[ASSIGNMENT] Search the entries for lines that contain the word "below", and report each one found.

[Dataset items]
(* step P a b Q  is  P --(a above / b below)--> Q *)
Inductive step : term -> list lab -> list lab -> term -> Prop :=
| st_refl P k l : sorted P k l -> step P (repeat None k) (repeat None l) P
| st_iotaL P R Q a b a0 b0 : all_iota a0 -> all_iota b0 ->
    step P a0 b0 R -> step R a b Q -> step P a b Q
| st_iotaR P R Q a b a0 b0 : all_iota a0 -> all_iota b0 ->
    step P a b R -> step R a0 b0 Q -> step P a b Q
| st_cut P Q R S a b c : step P a c Q -> step R c b S -> step (TSeq P R) a b (TSeq Q S)
| st_ten P Q R S a b c d : step P a b Q -> step R c d S ->
    step (TTen P R) (a ++ c) (b ++ d) (TTen Q S)
| st_pref u v P (sg : nat -> lab) :
    step (TPre u v P) (word_lab sg u) (word_lab sg v) (ssubst (lam_vars (u ++ v)) sg P)
| st_rec Y k l P a b Q : step (psubst P Y (TMu Y k l P)) a b Q -> step (TMu Y k l P) a b Q
| st_sum_iota P Q R S a b : all_iota a -> all_iota b ->
    step P a b Q -> step R a b S -> step (TSum P R) a b (TSum Q S)
| st_sumL P Q R a b : ~ all_iota (a ++ b) -> step P a b Q -> step (TSum P R) a b Q
| st_sumR P Q R a b : ~ all_iota (a ++ b) -> step P a b Q -> step (TSum R P) a b Q.

Definition bisimulation (S : term -> term -> Prop) : Prop :=
  forall P Q, S P Q ->
    (forall a b P', step P a b P' -> exists Q', step Q a b Q' /\ S P' Q') /\
    (forall a b Q', step Q a b Q' -> exists P', step P a b P' /\ S P' Q').

Definition bisim (P Q : term) : Prop := exists S, S P Q /\ bisimulation S.

(* constants; process variable Y is 0, signal variables x_i are i *)
Definition zero : term := TMu 0 0 0 (TVar 0).

Definition In (k : nat) : term :=
  match k with
  | 0 => zero
  | _ => TMu 0 k k (TPre (map ALam (seq 1 k)) (map ALam (seq 1 k)) (TVar 0))
  end.
Definition I1 : term := In 1.

Definition dd : term := TMu 0 0 2 (TPre [] [ALam 1; ALam 1] (TVar 0)).
Definition ee : term := TMu 0 2 0 (TPre [ALam 1; ALam 1] [] (TVar 0)).

Fixpoint dn (n : nat) : term :=
  match n with
  | 0 => zero
  | S m => match m with
           | 0 => dd
           | S _ => TSeq dd (TTen (TTen I1 (dn m)) I1)
           end
  end.

Fixpoint en (n : nat) : term :=
  match n with
  | 0 => zero
  | S m => match m with
           | 0 => ee
           | S _ => TSeq (TTen (TTen (In m) ee) (In m)) (en m)
           end
  end.

End Wire.

Arguments zero {Sigma}.
Arguments dd {Sigma}.
Arguments ee {Sigma}.
Arguments In {Sigma} k.
Arguments I1 {Sigma}.
Arguments dn {Sigma} n.
Arguments en {Sigma} n.

(* Each of [I_n], [d_n], [e_n] lies in a family of states which all have the
   same transitions: [I_n] copies a word [w] from top to bottom, [d_n] emits
   [w ++ rev w] below and [e_n] absorbs [w ++ rev w] above.  Such uniform
   behaviour is preserved by [;] (relational composition of the labels) and
   by [⊗] (concatenation), and two uniform families with the same labels are
   bisimilar.  Both snake composites therefore behave like [I_n], because
   [w ++ rev w ++ w'] can only be fed into [I_n ⊗ e_n] when [w' = w]. *)
From Stdlib Require Import List Arith Lia.
Import ListNotations.

Section Uniform.
Variable Sg : Type.

Definition labels := list (lab Sg) -> list (lab Sg) -> Prop.

Record uniform (St : term Sg -> Prop) (T : labels) : Prop := {
  uniform_step : forall X a b Q, St X -> step X a b Q -> St Q /\ T a b;
  uniform_enabled : forall X a b, St X -> T a b -> exists Q, St Q /\ step X a b Q }.

Definition behaves_as (P : term Sg) (T : labels) : Prop :=
  exists St, uniform St T /\ St P.

Definition label_comp (T1 T2 : labels) : labels :=
  fun a b => exists c, T1 a c /\ T2 c b.

Definition label_tensor (T1 T2 : labels) : labels :=
  fun a b => exists a1 a2 b1 b2, a = a1 ++ a2 /\ b = b1 ++ b2 /\ T1 a1 b1 /\ T2 a2 b2.

Lemma behaves_as_ext P (T T' : labels) :
  behaves_as P T -> (forall a b, T a b <-> T' a b) -> behaves_as P T'.
Proof.
  intros [St [[Hstep Hen] HP]] E; exists St; split; [split|]; auto.
  - intros X a b Q HX Hs; destruct (Hstep X a b Q HX Hs); split; auto; apply E; auto.
  - intros X a b HX HT; apply Hen; auto; apply E; auto.
Qed.

Lemma bisim_behaves_as P Q (T1 T2 : labels) :
  behaves_as P T1 -> behaves_as Q T2 -> (forall a b, T1 a b <-> T2 a b) -> bisim P Q.
Proof.
  intros [St1 [[A1 B1] HP]] [St2 [[A2 B2] HQ]] E.
  exists (fun X Y => St1 X /\ St2 Y); split; auto.
  intros X Y [HX HY]; split.
  - intros a b X' Hs; destruct (A1 _ _ _ _ HX Hs) as [HX' HT].
    destruct (B2 Y a b HY) as [Y' [HY' Hs']]; [apply E; auto|].
    exists Y'; auto.
  - intros a b Y' Hs; destruct (A2 _ _ _ _ HY Hs) as [HY' HT].
    destruct (B1 X a b HX) as [X' [HX' Hs']]; [apply E; auto|].
    exists X'; auto.
Qed.

(* In every induction on [step] below, the two rules for idle steps are
   discharged by the invariance of the family alone. *)
Ltac idle_cases IH1 IH2 HX :=
  first [ apply IH2; apply IH1; exact HX
        | let Hmid := fresh in let Hlab := fresh in
          destruct (IH1 HX) as [Hmid Hlab]; destruct (IH2 Hmid); split; auto ].

Lemma behaves_as_seq P R T1 T2 :
  behaves_as P T1 -> behaves_as R T2 -> behaves_as (TSeq P R) (label_comp T1 T2).
Proof.
  intros [St1 [[A1 B1] HP]] [St2 [[A2 B2] HR]].
  exists (fun X => exists P R, X = TSeq P R /\ St1 P /\ St2 R).
  split; [split|eauto].
  - intros X a b Q HX Hs; revert HX.
    induction Hs; intros HX; try idle_cases IHHs1 IHHs2 HX;
      destruct HX as [X1 [X2 [E [H1 H2]]]]; try discriminate.
    + subst; inversion H; subst; split; [exists X1, X2; auto|].
      exists (repeat None n); split; [eapply A1 | eapply A2]; eauto; constructor; auto.
    + injection E as -> ->.
      destruct (A1 _ _ _ _ H1 Hs1), (A2 _ _ _ _ H2 Hs2).
      split; [exists Q, S; auto | exists c; auto].
  - intros X a b [P0 [R0 [-> [H1 H2]]]] [c [T1c T2c]].
    destruct (B1 P0 a c H1 T1c) as [P' [HP' S1]].
    destruct (B2 R0 c b H2 T2c) as [R' [HR' S2]].
    exists (TSeq P' R'); split; [exists P', R'; auto | eapply st_cut; eauto].
Qed.

Lemma behaves_as_ten P R T1 T2 :
  behaves_as P T1 -> behaves_as R T2 -> behaves_as (TTen P R) (label_tensor T1 T2).
Proof.
  intros [St1 [[A1 B1] HP]] [St2 [[A2 B2] HR]].
  exists (fun X => exists P R, X = TTen P R /\ St1 P /\ St2 R).
  split; [split|eauto].
  - intros X a b Q HX Hs; revert HX.
    induction Hs; intros HX; try idle_cases IHHs1 IHHs2 HX;
      destruct HX as [X1 [X2 [E [H1 H2]]]]; try discriminate.
    + subst; inversion H; subst; split; [exists X1, X2; auto|].
      exists (repeat None k0), (repeat None m), (repeat None l0), (repeat None n).
      rewrite !repeat_app; repeat split; [eapply A1 | eapply A2]; eauto; constructor; auto.
    + injection E as -> ->.
      destruct (A1 _ _ _ _ H1 Hs1), (A2 _ _ _ _ H2 Hs2).
      split; [exists Q, S; auto | exists a, c, b, d; auto].
  - intros X a b [P0 [R0 [-> [H1 H2]]]] [a1 [a2 [b1 [b2 [-> [-> [T1c T2c]]]]]]].
    destruct (B1 P0 a1 b1 H1 T1c) as [P' [HP' S1]].
    destruct (B2 R0 a2 b2 H2 T2c) as [R' [HR' S2]].
    exists (TTen P' R'); split; [exists P', R'; auto | apply st_ten; auto].
Qed.

Lemma behaves_as_zero : behaves_as zero (fun a b => a = [] /\ b = []).
Proof.
  exists (fun X => X = zero); split; [split|reflexivity].
  - intros X a b Q HX Hs; revert HX.
    induction Hs; intros HX; try idle_cases IHHs1 IHHs2 HX; subst; try discriminate.
    + inversion H; subst; auto.
    + injection HX as -> -> -> ->; apply IHHs; reflexivity.
  - intros X a b -> [-> ->]; exists zero; split; auto.
    apply st_refl with (k := 0) (l := 0); repeat constructor.
Qed.

Definition loop (u v : list (atom Sg)) : term Sg :=
  TMu 0 (length u) (length v) (TPre u v (TVar Sg 0)).

Definition loop_labels (u v : list (atom Sg)) : labels :=
  fun a b => (a = repeat None (length u) /\ b = repeat None (length v)) \/
             exists sg, a = word_lab sg u /\ b = word_lab sg v.

Lemma filter_not_memb_nil (l s : list nat) :
  incl l s -> filter (fun x => negb (memb x s)) l = [].
Proof.
  induction l as [|x l IH]; simpl; intros H; auto.
  replace (memb x s) with true; [apply IH; intros y Hy; apply H; right; exact Hy|].
  symmetry; apply existsb_exists; exists x; split; [apply H; left; auto | apply Nat.eqb_refl].
Qed.

Lemma map_atom_ssubst_nil (sg : nat -> lab Sg) u : map (atom_ssubst [] sg) u = u.
Proof. induction u as [|[] u IH]; simpl; f_equal; auto. Qed.

(* Every variable being substituted is rebound by the prefix of the loop, so it
   is filtered out before reaching an atom. *)
Lemma ssubst_loop bd (u v : list (atom Sg)) sg :
  incl bd (lam_vars (u ++ v)) -> ssubst bd sg (loop u v) = loop u v.
Proof.
  intros Hbd; unfold loop; simpl.
  rewrite filter_not_memb_nil, !map_atom_ssubst_nil; auto.
Qed.

Lemma sorted_loop u v : sorted (loop u v) (length u) (length v).
Proof. repeat constructor. Qed.

Lemma behaves_as_loop u v : behaves_as (loop u v) (loop_labels u v).
Proof.
  exists (fun X => X = loop u v \/ X = TPre u v (loop u v)); split; [split|auto].
  - intros X a b Q HX Hs; revert HX.
    induction Hs; intros HX; try idle_cases IHHs1 IHHs2 HX;
      try (destruct HX as [E|E]; discriminate).
    + split; auto; left; destruct HX as [-> | ->]; inversion H; subst; auto.
    + destruct HX as [E|E]; [discriminate|]; injection E as -> -> ->.
      rewrite ssubst_loop by apply incl_refl.
      split; [left; reflexivity | right; eauto].
    + destruct HX as [E|E]; [|discriminate]; injection E as -> -> -> ->.
      apply IHHs; right; reflexivity.
  - intros X a b HX [[-> ->] | [sg [-> ->]]].
    + exists X; split; auto; apply st_refl.
      destruct HX as [-> | ->]; [apply sorted_loop | constructor; apply sorted_loop].
    + exists (loop u v); split; auto.
      assert (Hpre := st_pref u v (loop u v) sg).
      rewrite ssubst_loop in Hpre by apply incl_refl.
      destruct HX as [-> | ->]; [apply st_rec|]; exact Hpre.
Qed.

[WRITTEN ANSWER]
(* step P a b Q  is  P --(a above / b below)--> Q *)
   [w ++ rev w] below and [e_n] absorbs [w ++ rev w] above.  Such uniform
(* In every induction on [step] below, the two rules for idle steps are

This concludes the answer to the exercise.